Фрэнсис свой взяла сразу, и Розмари внесла в гостиную поднос с двумя бокалами, налитыми до краев.

– Смелее, – сказала Фрэнсис, вручив шампанское отнекивающейся Бетти. – У нас компания девичья, осуждать некому! Розмари, поставь бутылку в холодильник. Ненавижу теплое шампанское! Я умираю от голода – не обедала сегодня. В «Хэрродз» было столпотворение. Кого я только там не встретила!

– Хочешь салата? – спросила Розмари.

– Нет, нет, лучше селедку с крекерами. Поедим попозже. «Сельдь кусочками», – передразнила она. – Поразительно, правда? «Сельдь кусочками». Так сказала девица из гастрономического отдела. Никто уже не говорит «селедка», вы заметили?

Розмари позавидовала огромному аппетиту подруги ко всему, что предлагала ей жизнь, удивляясь ее способности постоянно что-то жевать и при этом не толстеть.
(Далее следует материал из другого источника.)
(* state of the recursive algorithm at time t: theta_t, x_t, e_t, phi_t,
   and ss = sum_{s=1}^t phi_s^2 *)
Record st := St { th : R; xx : R; ee : R; ph : R; ss : R }.

(* algo beta y n = state at time t = n+1; y t is y_t for t >= 1 *)
Fixpoint algo (beta : R) (y : nat -> R) (n : nat) : st :=
  match n with
  | 0 => St 0 (y 1%N) (y 1%N) (y 1%N) (y 1%N ^+ 2)
  | n'.+1 =>
      let p := algo beta y n' in
      let t := n'.+2 in
      let x := y t - beta * th p * xx p in
      let e := y t - th p * ee p in
      let phi := x - th p * ph p in
      let Pbar := ss p / t%:R in            (* (1/t) sum_{s=1}^{t-1} phi_s^2 *)
      let theta := th p + Pbar^-1 * (t%:R^-1 * ph p * e) in
      St theta x e phi (ss p + phi ^+ 2)
  end.

Definition theta beta y (t : nat) : R := th (algo beta y t.-1).
Definition phi beta y (t : nat) : R := ph (algo beta y t.-1).

Definition kx (beta : R) (y : nat -> R) (kappa : nat -> R) (t j : nat) : R :=
  \sum_(0 <= l < (minn j t.-1).+1)
     (- beta) ^+ l * kappa (j - l)%N * \prod_(1 <= i < l.+1) theta beta y (t - i).

(* kphi_aux n j = kappa^phi_j(n+1) *)
Fixpoint kphi_aux beta y kappa (n j : nat) : R :=
  match n with
  | 0 => kappa j
  | n'.+1 => kx beta y kappa n'.+2 j -
             theta beta y n'.+1 *
             (match j with 0 => 0 | j'.+1 => kphi_aux beta y kappa n' j' end)
  end.

Definition kphi beta y kappa (t j : nat) : R := kphi_aux beta y kappa t.-1 j.

(* kappa(z) = sum_s kappa_s z^s, computed via its real and imaginary parts *)
Definition kappaC (kappa : nat -> R) (z : R[i]) : R[i] :=
  (limn (series (fun s => (kappa s * complex.Re (z ^+ s) : R)))
   +i* limn (series (fun s => (kappa s * complex.Im (z ^+ s) : R))))%C.

End Algo.

Definition Fsig d (T : measurableType d) (R : realType) (y : int -> T -> R)
  (t : int) : set (set T) :=
  <<s \bigcup_(s in [set s : int | (s <= t)%R]) preimage_set_system setT (y s) measurable >>.

From HB Require Import structures.
From mathcomp Require Import all_boot all_algebra.
From mathcomp Require Import all_classical all_reals all_analysis.
From mathcomp Require Import complex.
From mathcomp Require Import zify ring lra.
Set Implicit Arguments. Unset Strict Implicit. Unset Printing Implicit Defensive.
Import order.Order.TTheory GRing.Theory Num.Theory numFieldNormedType.Exports.
Local Open Scope classical_set_scope.
Local Open Scope ring_scope.

(* The argument is pathwise and uses only the summability of kappa, (D4) and the
   bound on theta.  Off a null set, |eps_t| <= K and |theta_s| <= K* < 1 for
   s > k*, so x_t and phi_t solve contracting recursions
   z_(s+1) = w_(s+1) - c_s z_s with |c_s| <= K*, hence are eventually bounded.
   The truncated sums sum_(j <= u) kappa^x_j(s) eps_(s-j) and
   sum_(j <= u) kappa^phi_j(s) eps_(s-j) obey the same recursions with the lag u
   dropping by one per step, driven by the truncated MA(oo) sums of y_s, whose
   error is at most K sum_(j > u) |kappa_j|.  So for s > k* + u the truncation
   error of phi_s is at most some h(u) -> 0, thus
   |phi_s^2 - (truncated phi_s)^2| <= H(u) -> 0, and averaging over s gives
   limsup_t |r_1(t,u)| <= H(u). *)

Section TruncatedConvolution.
Variable R : comRingType.

Definition trunc_conv (c : nat -> R) (e : int -> R) (s u : nat) : R :=
  \sum_(0 <= j < u.+1) c j * e (s%:Z - j%:Z).

Lemma trunc_conv0 c e s : trunc_conv c e s 0 = c 0%N * e s.
Proof. by rewrite /trunc_conv big_nat1 subr0. Qed.

Lemma trunc_convSS c e s u :
  trunc_conv c e s.+1 u.+1 = c 0%N * e s.+1 + trunc_conv (fun j => c j.+1) e s u.
Proof.
rewrite /trunc_conv big_nat_recl // subr0; congr (_ + _).
by apply: eq_bigr => j _; congr (_ * e _); lia.
Qed.

Lemma trunc_convBM c d a e s u :
  trunc_conv (fun j => c j - a * d j) e s u =
  trunc_conv c e s u - a * trunc_conv d e s u.
Proof. by rewrite /trunc_conv mulr_sumr -sumrB; apply: eq_bigr => j _; ring. Qed.

End TruncatedConvolution.

Section AlgorithmRecursions.
Variables (R : realType) (b : R) (y : nat -> R) (kappa : nat -> R).

Definition xalg (t : nat) : R := xx (algo b y t.-1).

Lemma xalgSS s : xalg s.+2 = y s.+2 - b * theta b y s.+1 * xalg s.+1.
Proof. by []. Qed.

Lemma phiSS s : phi b y s.+2 = xalg s.+2 - theta b y s.+1 * phi b y s.+1.
Proof. by []. Qed.

Lemma kx0 t : kx b y kappa t 0 = kappa 0%N.
Proof. by rewrite /kx minnC big_nat1 expr0 mul1r big_geq // mulr1. Qed.

Lemma kxSS s j :
  kx b y kappa s.+2 j.+1 = kappa j.+1 - b * theta b y s.+1 * kx b y kappa s.+1 j.
Proof.
rewrite /kx /= minnSS big_nat_recl // expr0 mul1r subn0 big_geq // mulr1.
rewrite mulr_sumr -sumrN; congr (_ + _); apply: eq_bigr => l _.
rewrite big_nat_recl // subSS exprS.
under [\prod_(_ <= _ < _) _]eq_bigr => i _ do rewrite subSS.
ring.
Qed.

Lemma kphi0 t : kphi b y kappa t 0 = kappa 0%N.
Proof. by case: t => [|[|t]] //; rewrite /kphi /= kx0 mulr0 subr0. Qed.

Lemma kphiSS s j :
  kphi b y kappa s.+2 j.+1 =
  kx b y kappa s.+2 j.+1 - theta b y s.+1 * kphi b y kappa s.+1 j.
Proof. by []. Qed.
– Вы много тренируетесь? – спросили как-то Фрэнсис, увидев, в каких количествах поглощает пирожки и мороженое эта тоненькая, словно карандаш, женщина. – Занимаетесь гимнастикой?

– Да нет, разве что по магазинам бегаю, – ответила тогда Фрэнсис, покуривая сигарету и запивая десерт бокалом вина.
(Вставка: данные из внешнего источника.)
Lemma horner_sysp_bsol_node m : (m < N)%N ->
  (sysp (fun k => bsol a0 gam k)).[- (a0 + m%:R)] = nodal.[- (a0 + m%:R)].
Proof.
move=> ltmN; pose A i := poch (a0 - 1) i / i`!%:R.
pose w l := (-1) ^+ l.+1 * (poch (a0 + l.+1%:R) (N - l.+1) / (N - l.+1)`!%:R)
            * \prod_(s < N) ((gam s + a0 + l%:R) / gam s).
have bsolE k : bsol a0 gam k = \sum_(l < N | (k <= l)%N) w l * A (l - k)%N.
  by rewrite /bsol big_geq_mkord; apply: eq_bigr => l _; rewrite /w /A; ring.
rewrite hornerD horner_coefp poch0 mul1r subn0.
have -> : - (a0 + m%:R) + a0 + 0%:R = - m%:R by ring.
rewrite poch_Nnat_eq0 // add0r horner_sum.
under eq_bigr => k _ do rewrite hornerZ bsolE mulr_suml.
rewrite (exchange_big_dep predT) //=.
have widen (l : 'I_N) (G : nat -> R) :
    \sum_(k < N | (k <= l)%N) G k = \sum_(k < l.+1) G k.
  by rewrite (big_ord_widen N).
under eq_bigr => l _.
  rewrite (widen l (fun k => w l * A (l - k)%N * (coefp N k.+1).[- (a0 + m%:R)])).
  under eq_bigr => k _ do rewrite -mulrA.
  rewrite -mulr_sumr sum_coefp_node //.
  over.
rewrite (bigD1 (Ordinal ltmN)) //= eqxx mul1r big1 ?addr0 => [|l ne_lm]; last first.
  by rewrite (_ : (l == m :> nat) = false) ?mul0r ?mulr0 //; exact: negbTE ne_lm.
rewrite horner_nodal /w.
have -> : poch a0 N = poch a0 m.+1 * poch (a0 + m.+1%:R) (N - m.+1).
  by rewrite -pochD subnKC.
under [in RHS]eq_bigr => s _ do rewrite opprK addrA.
set sg := (-1) ^+ m.+1; set f := (N - m.+1)`!%:R; set C := \prod_(s < N) _.
have sg2 : sg * sg = 1 by rewrite -exprMn mulrNN mulr1 expr1n.
have f_neq0 : f != 0 by apply: natr_fact_neq0.
transitivity (sg * sg * (f / f) * (poch a0 m.+1 * poch (a0 + m.+1%:R) (N - m.+1) * C)).
  by ring.
by rewrite sg2 divff // !mul1r.
Qed.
Она и сейчас закурила, сев в кресло напротив Бетти и протянув пачку Розмари, которая за спиной матери подавала неистовые сигналы отказа. Бетти заулыбалась. Почему-то ее не раздражали привычки Фрэнсис – как и Эллы, если не считать, конечно, постоянных непристойностей, срывавшихся у внучки с языка. Обеим она спускала многое из того, что находила шокирующим. Розмари хотелось, чтобы Бетти проявила такую же терпимость и по отношению к ней, собственной дочери.

Субботний вечер медленно перетекал в воскресную ночь. Бетти настолько увлеклась сплетнями в мастерском исполнении Фрэнсис, что забыла посмотреть свое любимое юмористическое шоу по каналу Би-би-си.
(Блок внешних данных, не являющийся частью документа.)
Definition window_seq := outer_arcs (darc D) pu ++ outer_arcs (darc D) pv ++ outer_arcs (darc D) pw.

Lemma expansion_window_seq : expansion outer window_seq.
Proof.
have nc (P R : 'I_n.+1) : j <= P -> P < R -> R <= j.+2 -> forall t t', ccw_before t t' ->
    (darc D (R, t) == 0) || (darc D (P, t') == 0).
  by move=> le_jP lt_PR le_Rj t t' /(noncrossing_ccw le_jP lt_PR le_Rj) [] ->; rewrite eqxx ?orbT.
have u_j := val_pu; have v_j := val_pv; have w_j := val_pw.
rewrite /window_seq /outer_arcs catA cat_expand; last first.
  by apply: sub_pairwise pairwise_ccw_outer; apply: nc; lia.
rewrite cat_expand; first by eexists.
apply: sub_pairwise pairwise_ccw_outer => t t' before.
have /orP[-> // | /eqP u_t'] : _ := nc pu pw ltac:(lia) ltac:(lia) ltac:(lia) t t' before.
have /orP[-> // | /eqP v_t'] : _ := nc pv pw ltac:(lia) ltac:(lia) ltac:(lia) t t' before.
by rewrite u_t' v_t' orbT.
Qed.

Lemma local_form_window_seq : local_form (darc D) window_seq
  (size (outer_arcs (darc D) pu)) (size (outer_arcs (darc D) pv)) (size (outer_arcs (darc D) pw))
  (darc D (pu, pv)) (darc D (pv, pw)) (darc D (pu, pw)).
Proof.
have count_outer s t : t \in outer -> darc D (s, t) = count_mem t (outer_arcs (darc D) s).
  by move=> t_out; rewrite count_expand ?uniq_outer // t_out.
have u_j := val_pu; have v_j := val_pv; have w_j := val_pw.
apply: LocalForm => [//|//|t t_out|t t_out|t t_out|//|//|//||].
- by rewrite take_size_cat // count_outer.
- by rewrite drop_size_cat // take_size_cat // count_outer.
- by rewrite /window_seq catA drop_size_cat ?size_cat // count_outer.
- by rewrite !size_cat addnA.
move=> /lt0n_neq0/negPf uw_ne0; apply/eqP; rewrite size_eq0; apply/eqP/expand0 => t.
have lt_uv : pu < pv by lia.
have lt_vw : pv < pw by lia.
rewrite mem_outer => /orP[lt_tj | lt_jt].
- have lt_tu : t < pu by lia.
  have [tv0 | uw0] := Dnc lt_tu lt_uv lt_vw; first by rewrite Dsym.
  by rewrite uw0 in uw_ne0.
- have lt_wt : pw < t by lia.
  have [uw0 | //] := Dnc lt_uv lt_vw lt_wt.
  by rewrite uw0 in uw_ne0.
Qed.

End Initial.

Lemma darc_braid D Q a b c x y z : expansion outer Q -> local_form (darc D) Q a b c x y z ->
  darc (act j.+1 j.+2 (act j j.+1 (act j.+1 j.+2 D))) =
  darc (act j j.+1 (act j.+1 j.+2 (act j j.+1 D))).
Proof.
move=> expQ L; have nested := lf_nested L.
have L_hlh := local_form_act_hi expQ (local_form_act_lo expQ (local_form_act_hi expQ L)).
have L_lhl := local_form_act_lo expQ (local_form_act_hi expQ (local_form_act_lo expQ L)).
apply: (local_form_unique L_hlh L_lhl); first by congr (_, _, _, _, _); lia.
move=> r s r_out s_out.
have [r_hi s_hi] := (outer_not_inside_hi r_out, outer_not_inside_hi s_out).
have [r_lo s_lo] := (outer_not_inside_lo r_out, outer_not_inside_lo s_out).
rewrite [LHS](act_out _ r_hi s_hi) [LHS](act_out _ r_lo s_lo) [LHS](act_out _ r_hi s_hi).
by rewrite [RHS](act_out _ r_lo s_lo) [RHS](act_out _ r_hi s_hi) [RHS](act_out _ r_lo s_lo).
Qed.

Lemma dlab_braid D : dlab (act j.+1 j.+2 (act j j.+1 (act j.+1 j.+2 D))) =
                     dlab (act j j.+1 (act j.+1 j.+2 (act j j.+1 D))).
Proof.
apply/ffunP => r; do 3 rewrite [LHS]act_lab; do 3 rewrite [RHS]act_lab.
by rewrite refl_braid.
Qed.

End Window.

Lemma diagram_ext n (D1 D2 : diagram n) : dlab D1 = dlab D2 -> darc D1 = darc D2 -> D1 = D2.
Proof. by case: D1 D2 => [? ?] [? ?] /= -> ->. Qed.

Theorem mainTheorem15 (n : nat) (l : 'I_n.+1 -> nat) (i : nat) (D : diagram n) :
  (3 <= n)%N -> (2 <= i <= n.-1)%N -> is_diagram l D ->
  act i i.+1 (act i.-1 i (act i i.+1 D)) = act i.-1 i (act i i.+1 (act i.-1 i D)).
Proof.
move=> _ /andP[i2 le_in] [_ [_ [Dsym Ddiag Dnc _]]].
have [j -> lt_jn] : exists2 j, i = j.+1 & j.+1 < n by exists i.-1; lia.
rewrite succnK; apply: diagram_ext; first exact: dlab_braid.
exact: darc_braid (expansion_window_seq lt_jn Dsym Dnc) (local_form_window_seq lt_jn Dsym Ddiag Dnc).
Qed.
(* For every integer $k\ge 1$, let $a^{(k)}_n=|S_n(123,\,213,\,1(k+1)k(k-1)\cdots 2)|$ for $n\ge 0$, with $a^{(k)}_0=1$ counting the empty permutation. Then $$\sum_{n\ge 0} a^{(k)}_n x^n=\frac{1-x}{1-2x+x^{k+1}}.$$ (In particular, for $k=3$ this equals $\frac{1}{1-x-x^2-x^3}$, the generating function of the Tribonacci numbers $1,1,2,4,7,13,24,\dots$.) *)

From HB Require Import structures.
From mathcomp Require Import all_boot all_order all_algebra all_fingroup.
Set Implicit Arguments. Unset Strict Implicit. Unset Printing Implicit Defensive.
Import Order.TTheory GRing.Theory Num.Theory.

(* A permutation p of {0,..,n-1} (one-line notation p 0, ..., p (n-1))
   contains the pattern q (given in one-line notation as a list of
   distinct naturals, e.g. [:: 2; 1; 3] for 213) iff there are positions
   f 0 < f 1 < ... < f (m-1) such that the subsequence p (f 0) ... p (f (m-1))
   is order-isomorphic to q. *)
Definition contains (n : nat) (p : 'S_n) (q : seq nat) : bool :=
  [exists f : {ffun 'I_(size q) -> 'I_n},
    [forall i : 'I_(size q), forall j : 'I_(size q),
       ((i < j)%N ==> (f i < f j)%N) &&
       ((p (f i) < p (f j))%N == (nth 0 q i < nth 0 q j)%N)]].

Definition avoids (n : nat) (p : 'S_n) (q : seq nat) : bool := ~~ contains p q.

Definition pat123 : seq nat := [:: 1; 2; 3].
Definition pat213 : seq nat := [:: 2; 1; 3].
Definition patk (k : nat) : seq nat := 1 :: rev (iota 2 k).

Definition a (k n : nat) : nat :=
  #|[set p : 'S_n | [&& avoids p pat123, avoids p pat213 & avoids p (patk k)]]|.

(* Avoiding 123 and 213 says that no entry has two smaller entries to its
   left.  If such an arrangement of 0, ..., n starts with x, the entries above x
   must precede those below x and appear in decreasing order, so the word is
   x, n, n-1, ..., x+1 followed by an arrangement of 0, ..., x-1 of the same
   kind; avoiding 1(k+1)k...2 then means exactly n - x < k.  Hence
   a_(n+1) = a_n + ... + a_(n+1-k), and multiplying the series by
   1 - 2x + x^(k+1) telescopes this window sum to 1 - x. *)

From HB Require Import structures.
From mathcomp Require Import all_boot all_order all_algebra all_fingroup.
From mathcomp Require Import zify.
Set Implicit Arguments. Unset Strict Implicit. Unset Printing Implicit Defensive.

Section PermWord.
Variable n : nat.

Definition perm_word (p : 'S_n) : seq nat := [seq val (p i) | i <- enum 'I_n].

Lemma size_perm_word p : size (perm_word p) = n.
Proof. by rewrite size_map size_enum_ord. Qed.

Lemma nth_perm_word p (i : 'I_n) : nth 0 (perm_word p) i = p i.
Proof. by rewrite (nth_map i) ?size_enum_ord // nth_ord_enum. Qed.

Lemma perm_word_iota p : perm_eq (perm_word p) (iota 0 n).
Proof.
rewrite /perm_word; apply: uniq_perm.
- by rewrite map_inj_uniq ?enum_uniq // => i j /val_inj/perm_inj.
- exact: iota_uniq.
move=> y; rewrite mem_iota leq0n add0n /=; apply/mapP/idP => [[i _ ->] // | lt_y_n].
by exists ((p^-1)%g (Ordinal lt_y_n)); rewrite ?mem_enum ?permKV.
Qed.

Lemma perm_word_inj : injective perm_word.
Proof.
by move=> p q eq_pq; apply/permP => i; apply: val_inj; rewrite /= -!nth_perm_word eq_pq.
Qed.

Lemma perm_word_surj w : perm_eq w (iota 0 n) -> exists p, perm_word p = w.
Proof.
move=> w_perm; have size_w : size w = n by rewrite (perm_size w_perm) size_iota.
have w_uniq : uniq w by rewrite (perm_uniq w_perm) iota_uniq.
have lt_w_n (i : 'I_n) : nth 0 w i < n.
  have : nth 0 w i \in w by rewrite mem_nth ?size_w.
  by rewrite (perm_mem w_perm) mem_iota.
have f_inj : injective (fun i => Ordinal (lt_w_n i)).
  by move=> i j [] /eqP; rewrite nth_uniq ?size_w // => /eqP/val_inj.
exists (perm f_inj); apply: (@eq_from_nth _ 0); rewrite size_perm_word // => i lt_i_n.
by rewrite (nth_perm_word _ (Ordinal lt_i_n)) permE.
Qed.

End PermWord.

Definition order_iso (t q : seq nat) :=
  size t = size q /\ forall i j, i < size q -> j < size q ->
    (nth 0 t i < nth 0 t j) = (nth 0 q i < nth 0 q j).

Definition occurs (q w : seq nat) := exists2 t, subseq t w & order_iso t q.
– Давайте не будем накрывать стол, – сказала Фрэнсис, когда подошло время ужина.

– Не возражаешь, ма? – спросила Розмари, зная, как трепетно относится мать к принятым нормам.

– Разумеется, нет, – сказала Бетти оскорбленным тоном, как если бы сама эта мысль показалась ей дикой.

Розмари отметила, что мать охотно берет уже третий предложенный ей бокал шампанского, и шепнула Фрэнсис:

– В девять она будет в постели. Не стоит мешкать с ужином.

– Прекрасная мысль, – шепотом отозвалась подруга. – Мне нужно поговорить с тобой.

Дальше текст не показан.